Geothermal site in California

Democrat Hot Springs, named for the Democratic political party, is a geothermally heated spring located 17 miles northeast of Bakersfield, California, United States, on the south bank of the Kern River and on the north side of California State Route 178.

== History ==
The Democrat Hot Springs were named for the Democratic Party of the United States when they were developed beginning in 1903 by Delbert Hill. Hill and his father constructed a 15-room hotel surrounding by cottages for 100 additional guests. In the early days access was by the "Breckenridge Road to Rock Springs Station after an overnight stop continued down the Cow Flat Road"; this route was known as the Nightmare Trail. Later a four-horse stage coach picked people up in Bakersfield and reduced the travel time to the resort to a "mere five hours". The property has had many owners since the Hills sold out. A three-story clapboard hotel stood at Democrat Hot Springs in 1930. Charles W. West was the owner in 1967.

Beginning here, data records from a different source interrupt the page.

Lemma transition_alternative t : is_vass_mdp prob src tgt u P ->
  (exists X, solI prob src tgt u P X /\ 0 < X t) \/
  (exists Y Z, [/\ solII prob src tgt u P Y Z,
     ~~ prob (src t) -> teff src tgt u Y Z t < 0 &
     prob (src t) -> peff src tgt u P Y Z (src t) < 0]).
Proof.
move=> mdp.
have [[x [x_sol tx_gt0]]|[mu [mu_ge0 mu_t mu_rows]]] := farkas_strict row (transition t).
  have [N N_gt0 [X [X_sol HX _]]] := solI_of_rat x_sol.
  left; exists X; split; rewrite // -(ltr0z rat) HX mulr_gt0 ?ltr0z //.
  by rewrite -dotv_transition_row.
have [Y [Z [YZ_sol _ HYZ]]] := solII_of_cone mu_ge0 mu_rows mdp.
by right; exists Y, Z; have [] := HYZ t mu_t.
Qed.

End VASSMDPDuality.

Theorem lemma4p2 (d : nat) (Q T : finType) (prob : pred Q) (src tgt : T -> Q)
  (u : T -> 'I_d -> int) (P : T -> rat)
  (Hmdp : is_vass_mdp prob src tgt u P)
  (Hsc : strongly_connected src tgt)
  (x : T -> int) (y : 'I_d -> int) (z : Q -> int)
  (Hx : maximal_I prob src tgt u P x)
  (Hyz : maximal_II prob src tgt u P y z) :
  (forall c : 'I_d, 0 < y c \/ 0 < totaleff u x c) /\
  (forall t : T,
     (~~ prob (src t) -> teff src tgt u y z t < 0 \/ 0 < x t) /\
     (prob (src t) -> peff src tgt u P y z (src t) < 0 \/ 0 < x t)).
Proof.
case: Hx => _ x_max_counter x_max_transition.
case: Hyz => _ y_max teff_max peff_max; split=> [c|t].
  have [[X [X_sol X_c]]|[Y [Z [YZ_sol Y_c]]]] := counter_alternative c Hmdp.
  - by right; apply: x_max_counter; exists X.
  - by left; apply: y_max; exists Y, Z.
have [[X [X_sol X_t]]|[Y [Z [YZ_sol teff_t peff_t]]]] := transition_alternative t Hmdp.
  by split=> _; right; apply: x_max_transition; exists X.
split=> pt; left; [apply: teff_max | apply: peff_max] => //; exists Y, Z.
  by split; last exact: teff_t.
by split; last exact: peff_t.
Qed.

As of 2018, Democrat Hot Springs are still located on private property. They can be rented for private events.

== Ecology ==
Democrat Hot Springs is part of the habitat range for the rare and endangered Kern Canyon slender salamander. The Kern River near Democrat Hot Springs is a good spot for fishing rainbow trout.

== Water profile ==
The main group of springs is located about 100 yd from the river. According to a U.S. government geologist in 1915, "At Democrat Springs, which are 5 miles below Delonegha Springs, hot water issues on the southwest side of Kern River, within 150 feet of its edge, but 50 or 75 feet above its surface. In 1908 there was a substantial hotel, having accommodations for 100 people...The waters of these springs are sulphureted, but they do not seem to carry notable amounts of other mineral matter...With reference to the fault origin of these springs, it was learned that although the earthquake of April 18, 1906, was not severely felt here, the main spring ceased flowing at that time. It was reopened a few months later by making a cut into the slope about 8 feet below the former point of issuance of the spring". The spring waters do contain "iron, sodium and other salts".

According to Kern River Country (1979), the resort had five springs. One that produced 115 F at 20 USgal/min was used for bathing while the other four were piped to a reservoir near the hotel that was used as a swimming pool. According to an earlier source, "At a third place another small spring forms a drinking pool."